Among the lines below, keep only those from the one containing "Fixpoint rsum (n" through the one containing "Definition fracR (x : R) : R := x - floorR x.", and reproduce them exactly.

┌─ DATA FOR THIS TASK

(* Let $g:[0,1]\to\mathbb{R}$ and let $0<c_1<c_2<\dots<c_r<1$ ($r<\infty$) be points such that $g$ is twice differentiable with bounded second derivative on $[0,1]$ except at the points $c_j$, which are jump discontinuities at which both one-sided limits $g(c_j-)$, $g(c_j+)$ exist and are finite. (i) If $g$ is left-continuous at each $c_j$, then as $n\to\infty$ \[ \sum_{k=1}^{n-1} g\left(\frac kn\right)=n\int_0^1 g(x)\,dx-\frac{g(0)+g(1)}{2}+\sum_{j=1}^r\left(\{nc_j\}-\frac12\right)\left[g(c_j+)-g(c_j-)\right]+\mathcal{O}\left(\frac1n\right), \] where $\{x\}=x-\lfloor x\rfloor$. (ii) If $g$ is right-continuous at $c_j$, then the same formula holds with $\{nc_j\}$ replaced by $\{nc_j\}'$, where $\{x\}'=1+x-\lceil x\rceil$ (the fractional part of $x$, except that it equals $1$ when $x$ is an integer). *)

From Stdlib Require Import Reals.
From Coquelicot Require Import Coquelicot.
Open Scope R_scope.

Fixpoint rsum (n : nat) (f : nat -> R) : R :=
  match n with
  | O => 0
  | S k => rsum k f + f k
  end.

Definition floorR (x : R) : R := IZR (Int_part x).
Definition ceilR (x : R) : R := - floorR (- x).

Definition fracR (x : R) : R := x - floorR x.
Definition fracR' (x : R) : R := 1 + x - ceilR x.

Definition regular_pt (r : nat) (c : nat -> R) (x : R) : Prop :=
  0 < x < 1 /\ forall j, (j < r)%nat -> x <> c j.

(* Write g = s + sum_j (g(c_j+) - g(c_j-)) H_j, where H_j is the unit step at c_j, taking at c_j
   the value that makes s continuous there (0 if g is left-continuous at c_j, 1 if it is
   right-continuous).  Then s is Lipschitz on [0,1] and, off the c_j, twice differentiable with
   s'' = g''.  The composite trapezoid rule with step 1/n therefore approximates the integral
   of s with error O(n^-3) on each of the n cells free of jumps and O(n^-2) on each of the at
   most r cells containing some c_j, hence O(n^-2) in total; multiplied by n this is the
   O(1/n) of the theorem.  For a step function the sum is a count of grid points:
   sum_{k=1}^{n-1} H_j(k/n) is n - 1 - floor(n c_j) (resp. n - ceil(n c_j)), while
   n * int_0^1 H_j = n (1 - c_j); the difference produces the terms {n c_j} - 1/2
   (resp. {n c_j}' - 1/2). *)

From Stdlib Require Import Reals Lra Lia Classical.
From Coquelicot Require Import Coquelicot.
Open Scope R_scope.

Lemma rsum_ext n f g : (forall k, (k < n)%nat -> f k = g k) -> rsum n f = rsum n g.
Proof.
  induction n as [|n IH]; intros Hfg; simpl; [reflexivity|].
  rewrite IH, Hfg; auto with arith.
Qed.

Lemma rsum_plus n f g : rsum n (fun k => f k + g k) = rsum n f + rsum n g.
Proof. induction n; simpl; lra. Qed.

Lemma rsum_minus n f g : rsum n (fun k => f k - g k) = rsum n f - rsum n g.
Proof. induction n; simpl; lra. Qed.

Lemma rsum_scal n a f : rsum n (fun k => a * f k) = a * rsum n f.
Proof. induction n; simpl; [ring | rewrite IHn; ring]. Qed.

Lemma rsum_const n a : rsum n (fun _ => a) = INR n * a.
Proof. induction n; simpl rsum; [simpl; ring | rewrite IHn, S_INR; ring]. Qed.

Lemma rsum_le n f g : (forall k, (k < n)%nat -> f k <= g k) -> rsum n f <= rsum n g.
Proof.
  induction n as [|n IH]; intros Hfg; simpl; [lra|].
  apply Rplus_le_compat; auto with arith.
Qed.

└─
┌─ DATA FOR THIS TASK

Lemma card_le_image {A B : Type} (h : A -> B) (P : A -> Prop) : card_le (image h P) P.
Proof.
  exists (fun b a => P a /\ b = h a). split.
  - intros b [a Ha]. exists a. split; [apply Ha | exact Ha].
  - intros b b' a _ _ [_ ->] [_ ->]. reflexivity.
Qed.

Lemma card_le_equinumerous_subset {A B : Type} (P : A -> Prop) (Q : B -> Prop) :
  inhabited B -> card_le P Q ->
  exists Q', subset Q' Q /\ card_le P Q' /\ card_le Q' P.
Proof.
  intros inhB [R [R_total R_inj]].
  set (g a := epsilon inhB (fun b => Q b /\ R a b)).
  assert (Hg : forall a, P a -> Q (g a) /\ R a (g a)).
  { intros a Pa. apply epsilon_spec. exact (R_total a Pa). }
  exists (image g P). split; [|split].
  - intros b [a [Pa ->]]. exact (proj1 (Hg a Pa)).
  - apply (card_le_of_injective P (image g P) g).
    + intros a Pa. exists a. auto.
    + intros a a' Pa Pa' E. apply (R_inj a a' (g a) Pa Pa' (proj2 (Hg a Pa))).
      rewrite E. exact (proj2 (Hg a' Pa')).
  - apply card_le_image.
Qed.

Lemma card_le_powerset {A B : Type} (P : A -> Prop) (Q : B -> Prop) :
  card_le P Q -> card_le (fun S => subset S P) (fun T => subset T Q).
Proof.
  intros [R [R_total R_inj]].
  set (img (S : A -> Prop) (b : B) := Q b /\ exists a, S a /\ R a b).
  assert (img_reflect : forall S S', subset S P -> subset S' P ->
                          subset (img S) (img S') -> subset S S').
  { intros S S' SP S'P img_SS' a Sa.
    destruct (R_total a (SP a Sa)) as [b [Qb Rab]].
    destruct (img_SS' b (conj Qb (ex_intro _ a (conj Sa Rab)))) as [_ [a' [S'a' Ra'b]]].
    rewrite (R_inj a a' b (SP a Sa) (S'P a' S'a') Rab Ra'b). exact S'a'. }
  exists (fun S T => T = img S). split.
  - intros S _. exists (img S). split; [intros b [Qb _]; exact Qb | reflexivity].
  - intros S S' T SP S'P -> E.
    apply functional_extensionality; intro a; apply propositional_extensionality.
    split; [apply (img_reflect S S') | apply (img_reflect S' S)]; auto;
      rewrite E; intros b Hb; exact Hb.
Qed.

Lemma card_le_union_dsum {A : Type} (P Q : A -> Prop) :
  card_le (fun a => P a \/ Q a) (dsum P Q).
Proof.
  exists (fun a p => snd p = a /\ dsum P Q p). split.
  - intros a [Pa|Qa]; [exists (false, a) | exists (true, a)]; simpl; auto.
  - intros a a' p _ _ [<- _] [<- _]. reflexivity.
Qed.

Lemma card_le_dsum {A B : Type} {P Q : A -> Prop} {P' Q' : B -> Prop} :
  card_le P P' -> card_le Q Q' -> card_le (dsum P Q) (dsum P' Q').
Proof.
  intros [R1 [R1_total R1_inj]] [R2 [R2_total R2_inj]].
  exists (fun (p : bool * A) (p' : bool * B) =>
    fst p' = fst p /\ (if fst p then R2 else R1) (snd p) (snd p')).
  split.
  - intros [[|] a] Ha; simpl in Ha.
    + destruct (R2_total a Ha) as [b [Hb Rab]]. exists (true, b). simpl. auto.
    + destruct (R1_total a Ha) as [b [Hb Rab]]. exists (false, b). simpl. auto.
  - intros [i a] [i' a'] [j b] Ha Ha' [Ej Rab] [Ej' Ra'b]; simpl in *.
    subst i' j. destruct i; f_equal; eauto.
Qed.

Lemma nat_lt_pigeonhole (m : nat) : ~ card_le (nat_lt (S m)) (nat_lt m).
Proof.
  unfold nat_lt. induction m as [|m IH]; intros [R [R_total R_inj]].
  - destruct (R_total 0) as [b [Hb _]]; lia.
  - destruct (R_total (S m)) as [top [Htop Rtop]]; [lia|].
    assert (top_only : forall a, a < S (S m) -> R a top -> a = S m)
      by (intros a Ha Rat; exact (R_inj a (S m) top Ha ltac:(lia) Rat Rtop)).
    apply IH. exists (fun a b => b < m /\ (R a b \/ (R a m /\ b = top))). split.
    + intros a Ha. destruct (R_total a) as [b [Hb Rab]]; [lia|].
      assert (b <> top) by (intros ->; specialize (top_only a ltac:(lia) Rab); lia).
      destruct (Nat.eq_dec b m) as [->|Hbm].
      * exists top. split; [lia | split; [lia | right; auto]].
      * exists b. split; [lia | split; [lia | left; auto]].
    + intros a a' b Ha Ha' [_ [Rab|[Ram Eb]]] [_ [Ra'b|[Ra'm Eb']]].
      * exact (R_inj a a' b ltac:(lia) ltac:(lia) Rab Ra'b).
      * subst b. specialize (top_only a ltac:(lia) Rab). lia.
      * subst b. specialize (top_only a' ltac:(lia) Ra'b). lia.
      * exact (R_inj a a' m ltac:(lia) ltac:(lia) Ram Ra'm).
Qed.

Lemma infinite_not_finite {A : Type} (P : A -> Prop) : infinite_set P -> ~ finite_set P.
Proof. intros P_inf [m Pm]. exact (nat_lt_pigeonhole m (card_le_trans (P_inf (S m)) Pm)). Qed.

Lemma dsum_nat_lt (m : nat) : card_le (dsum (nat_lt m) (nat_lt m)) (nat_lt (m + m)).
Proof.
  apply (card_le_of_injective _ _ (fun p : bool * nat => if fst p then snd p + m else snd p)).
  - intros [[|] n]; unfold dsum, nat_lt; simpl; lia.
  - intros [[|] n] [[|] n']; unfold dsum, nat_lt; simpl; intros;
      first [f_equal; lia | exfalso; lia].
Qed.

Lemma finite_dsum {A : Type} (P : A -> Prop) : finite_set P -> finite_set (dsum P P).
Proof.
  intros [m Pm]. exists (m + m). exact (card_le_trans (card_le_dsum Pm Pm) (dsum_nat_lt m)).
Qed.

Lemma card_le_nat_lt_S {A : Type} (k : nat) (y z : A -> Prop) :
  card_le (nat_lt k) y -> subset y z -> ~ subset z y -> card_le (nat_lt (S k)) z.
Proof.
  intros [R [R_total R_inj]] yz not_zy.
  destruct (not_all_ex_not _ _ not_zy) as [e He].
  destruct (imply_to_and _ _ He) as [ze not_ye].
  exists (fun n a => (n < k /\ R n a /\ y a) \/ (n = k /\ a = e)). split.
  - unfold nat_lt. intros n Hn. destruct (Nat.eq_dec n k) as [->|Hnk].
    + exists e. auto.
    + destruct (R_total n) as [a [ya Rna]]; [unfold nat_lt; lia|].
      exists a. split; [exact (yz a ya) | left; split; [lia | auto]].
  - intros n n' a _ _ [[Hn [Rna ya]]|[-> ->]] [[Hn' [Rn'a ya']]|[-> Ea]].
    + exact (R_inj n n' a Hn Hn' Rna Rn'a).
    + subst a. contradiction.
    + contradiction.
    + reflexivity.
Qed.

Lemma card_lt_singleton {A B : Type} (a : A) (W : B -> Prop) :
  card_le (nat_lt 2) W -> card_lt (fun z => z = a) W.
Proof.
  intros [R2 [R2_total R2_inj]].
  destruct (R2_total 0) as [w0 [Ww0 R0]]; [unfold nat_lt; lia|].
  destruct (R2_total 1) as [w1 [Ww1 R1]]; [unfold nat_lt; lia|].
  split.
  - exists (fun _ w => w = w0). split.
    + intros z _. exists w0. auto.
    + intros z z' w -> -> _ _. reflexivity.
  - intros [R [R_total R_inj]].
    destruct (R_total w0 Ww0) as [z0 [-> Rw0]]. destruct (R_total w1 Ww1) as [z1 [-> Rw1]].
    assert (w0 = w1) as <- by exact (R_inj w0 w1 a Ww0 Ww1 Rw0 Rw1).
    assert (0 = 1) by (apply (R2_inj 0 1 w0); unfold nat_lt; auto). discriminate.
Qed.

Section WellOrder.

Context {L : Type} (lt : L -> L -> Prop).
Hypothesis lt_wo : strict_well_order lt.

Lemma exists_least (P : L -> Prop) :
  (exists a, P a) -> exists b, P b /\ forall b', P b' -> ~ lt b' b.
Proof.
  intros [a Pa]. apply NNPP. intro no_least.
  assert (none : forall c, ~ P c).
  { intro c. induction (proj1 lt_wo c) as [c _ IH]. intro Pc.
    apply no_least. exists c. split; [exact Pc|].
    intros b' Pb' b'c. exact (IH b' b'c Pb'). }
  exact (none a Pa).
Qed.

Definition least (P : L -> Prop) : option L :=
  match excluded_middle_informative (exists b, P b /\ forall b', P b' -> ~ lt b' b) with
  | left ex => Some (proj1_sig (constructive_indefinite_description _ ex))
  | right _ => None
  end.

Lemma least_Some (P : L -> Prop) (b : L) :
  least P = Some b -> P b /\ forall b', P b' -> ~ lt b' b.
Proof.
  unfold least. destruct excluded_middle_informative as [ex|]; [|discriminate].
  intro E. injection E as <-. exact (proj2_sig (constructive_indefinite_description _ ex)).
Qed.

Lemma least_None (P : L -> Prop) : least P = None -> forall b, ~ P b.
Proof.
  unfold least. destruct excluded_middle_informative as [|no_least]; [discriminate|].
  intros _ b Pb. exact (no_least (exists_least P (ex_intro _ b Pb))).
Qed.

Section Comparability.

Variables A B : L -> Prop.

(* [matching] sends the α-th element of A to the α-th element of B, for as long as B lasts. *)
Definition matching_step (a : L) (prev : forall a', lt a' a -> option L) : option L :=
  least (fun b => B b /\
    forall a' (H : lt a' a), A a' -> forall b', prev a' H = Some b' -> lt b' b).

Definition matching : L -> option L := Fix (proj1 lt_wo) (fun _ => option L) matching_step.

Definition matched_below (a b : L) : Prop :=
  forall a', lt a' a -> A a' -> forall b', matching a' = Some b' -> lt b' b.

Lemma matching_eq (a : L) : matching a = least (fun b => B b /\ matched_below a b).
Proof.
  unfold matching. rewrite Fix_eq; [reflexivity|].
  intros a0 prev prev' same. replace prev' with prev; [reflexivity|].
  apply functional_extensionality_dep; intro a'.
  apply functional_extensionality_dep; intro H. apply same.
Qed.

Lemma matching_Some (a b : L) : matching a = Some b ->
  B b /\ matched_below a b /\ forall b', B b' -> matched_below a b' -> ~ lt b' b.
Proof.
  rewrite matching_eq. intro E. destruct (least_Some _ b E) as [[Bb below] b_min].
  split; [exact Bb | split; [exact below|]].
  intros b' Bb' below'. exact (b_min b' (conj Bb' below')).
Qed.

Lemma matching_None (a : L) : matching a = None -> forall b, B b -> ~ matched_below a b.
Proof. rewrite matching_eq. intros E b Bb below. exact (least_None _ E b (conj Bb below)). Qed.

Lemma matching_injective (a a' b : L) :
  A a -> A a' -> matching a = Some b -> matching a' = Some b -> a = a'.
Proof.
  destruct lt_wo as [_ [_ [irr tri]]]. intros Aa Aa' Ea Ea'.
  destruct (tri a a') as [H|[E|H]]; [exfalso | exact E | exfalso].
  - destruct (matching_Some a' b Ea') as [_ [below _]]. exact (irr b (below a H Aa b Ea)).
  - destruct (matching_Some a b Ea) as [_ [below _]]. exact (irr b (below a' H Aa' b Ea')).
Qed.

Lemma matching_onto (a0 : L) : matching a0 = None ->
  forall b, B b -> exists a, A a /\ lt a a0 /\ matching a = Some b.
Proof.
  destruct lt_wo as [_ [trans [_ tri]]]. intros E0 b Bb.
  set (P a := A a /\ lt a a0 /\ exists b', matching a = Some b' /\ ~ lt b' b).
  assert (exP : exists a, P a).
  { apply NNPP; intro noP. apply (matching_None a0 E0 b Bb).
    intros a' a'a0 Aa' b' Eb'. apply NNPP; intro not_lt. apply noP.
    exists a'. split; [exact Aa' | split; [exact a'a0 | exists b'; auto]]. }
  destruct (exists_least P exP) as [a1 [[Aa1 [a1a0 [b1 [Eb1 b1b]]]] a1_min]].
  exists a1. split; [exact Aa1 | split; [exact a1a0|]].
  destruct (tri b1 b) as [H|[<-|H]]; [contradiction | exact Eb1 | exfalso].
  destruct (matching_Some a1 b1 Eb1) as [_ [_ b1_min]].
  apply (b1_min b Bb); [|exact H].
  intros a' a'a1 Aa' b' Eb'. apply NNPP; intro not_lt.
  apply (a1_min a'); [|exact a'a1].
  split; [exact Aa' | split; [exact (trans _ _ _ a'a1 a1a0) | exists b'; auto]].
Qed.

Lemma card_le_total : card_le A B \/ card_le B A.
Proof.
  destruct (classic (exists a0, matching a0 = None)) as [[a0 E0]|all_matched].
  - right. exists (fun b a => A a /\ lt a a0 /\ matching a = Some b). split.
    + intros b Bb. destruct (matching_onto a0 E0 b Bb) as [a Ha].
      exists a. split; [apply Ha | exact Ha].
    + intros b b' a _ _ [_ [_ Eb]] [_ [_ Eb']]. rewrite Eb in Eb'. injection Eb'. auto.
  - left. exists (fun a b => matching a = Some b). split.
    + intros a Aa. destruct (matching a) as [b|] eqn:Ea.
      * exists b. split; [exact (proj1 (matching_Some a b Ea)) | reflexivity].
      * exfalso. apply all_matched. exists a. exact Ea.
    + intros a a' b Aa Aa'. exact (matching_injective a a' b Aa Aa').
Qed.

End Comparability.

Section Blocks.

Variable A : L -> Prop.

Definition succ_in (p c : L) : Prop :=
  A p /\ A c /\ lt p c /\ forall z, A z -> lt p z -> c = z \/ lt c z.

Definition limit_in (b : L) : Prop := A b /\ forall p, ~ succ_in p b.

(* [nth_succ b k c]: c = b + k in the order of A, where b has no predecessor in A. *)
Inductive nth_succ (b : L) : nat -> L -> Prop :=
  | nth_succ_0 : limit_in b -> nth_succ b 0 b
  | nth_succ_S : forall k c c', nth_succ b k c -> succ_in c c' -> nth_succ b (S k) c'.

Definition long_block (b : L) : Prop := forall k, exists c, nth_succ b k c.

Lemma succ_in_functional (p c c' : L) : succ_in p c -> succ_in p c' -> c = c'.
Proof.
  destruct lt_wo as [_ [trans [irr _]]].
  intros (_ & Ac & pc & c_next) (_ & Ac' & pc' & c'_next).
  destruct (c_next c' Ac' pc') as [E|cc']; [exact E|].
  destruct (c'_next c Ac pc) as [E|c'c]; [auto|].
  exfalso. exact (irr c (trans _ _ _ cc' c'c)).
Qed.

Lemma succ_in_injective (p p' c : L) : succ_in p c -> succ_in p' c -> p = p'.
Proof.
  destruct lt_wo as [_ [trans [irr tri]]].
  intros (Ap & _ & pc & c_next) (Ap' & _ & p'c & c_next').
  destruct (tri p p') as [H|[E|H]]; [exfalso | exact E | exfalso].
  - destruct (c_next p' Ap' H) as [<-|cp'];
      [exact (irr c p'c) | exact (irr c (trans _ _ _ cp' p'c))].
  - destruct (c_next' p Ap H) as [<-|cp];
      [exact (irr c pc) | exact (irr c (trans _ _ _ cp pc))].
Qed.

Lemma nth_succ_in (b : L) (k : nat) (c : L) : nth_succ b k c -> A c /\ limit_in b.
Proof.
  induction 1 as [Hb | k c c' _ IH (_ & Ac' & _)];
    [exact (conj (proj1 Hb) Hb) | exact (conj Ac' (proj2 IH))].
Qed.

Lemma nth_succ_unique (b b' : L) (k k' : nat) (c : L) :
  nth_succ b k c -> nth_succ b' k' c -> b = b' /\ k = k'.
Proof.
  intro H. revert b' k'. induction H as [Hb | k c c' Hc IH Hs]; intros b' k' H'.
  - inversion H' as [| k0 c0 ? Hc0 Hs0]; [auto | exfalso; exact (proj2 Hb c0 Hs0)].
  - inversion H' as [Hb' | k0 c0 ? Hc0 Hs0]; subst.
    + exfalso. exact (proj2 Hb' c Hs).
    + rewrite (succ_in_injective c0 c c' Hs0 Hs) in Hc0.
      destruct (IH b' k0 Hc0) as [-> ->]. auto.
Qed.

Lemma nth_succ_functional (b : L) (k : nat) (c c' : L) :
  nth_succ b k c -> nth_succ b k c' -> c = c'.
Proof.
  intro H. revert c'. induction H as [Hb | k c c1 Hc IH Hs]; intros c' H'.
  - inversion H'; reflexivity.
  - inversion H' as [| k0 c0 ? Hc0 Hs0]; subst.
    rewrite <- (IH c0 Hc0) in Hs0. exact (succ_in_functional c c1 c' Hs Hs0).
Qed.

└─

RESPONSE BELOW
Fixpoint rsum (n : nat) (f : nat -> R) : R :=
  match n with
  | O => 0
  | S k => rsum k f + f k
  end.

Definition floorR (x : R) : R := IZR (Int_part x).
Definition ceilR (x : R) : R := - floorR (- x).

Definition fracR (x : R) : R := x - floorR x.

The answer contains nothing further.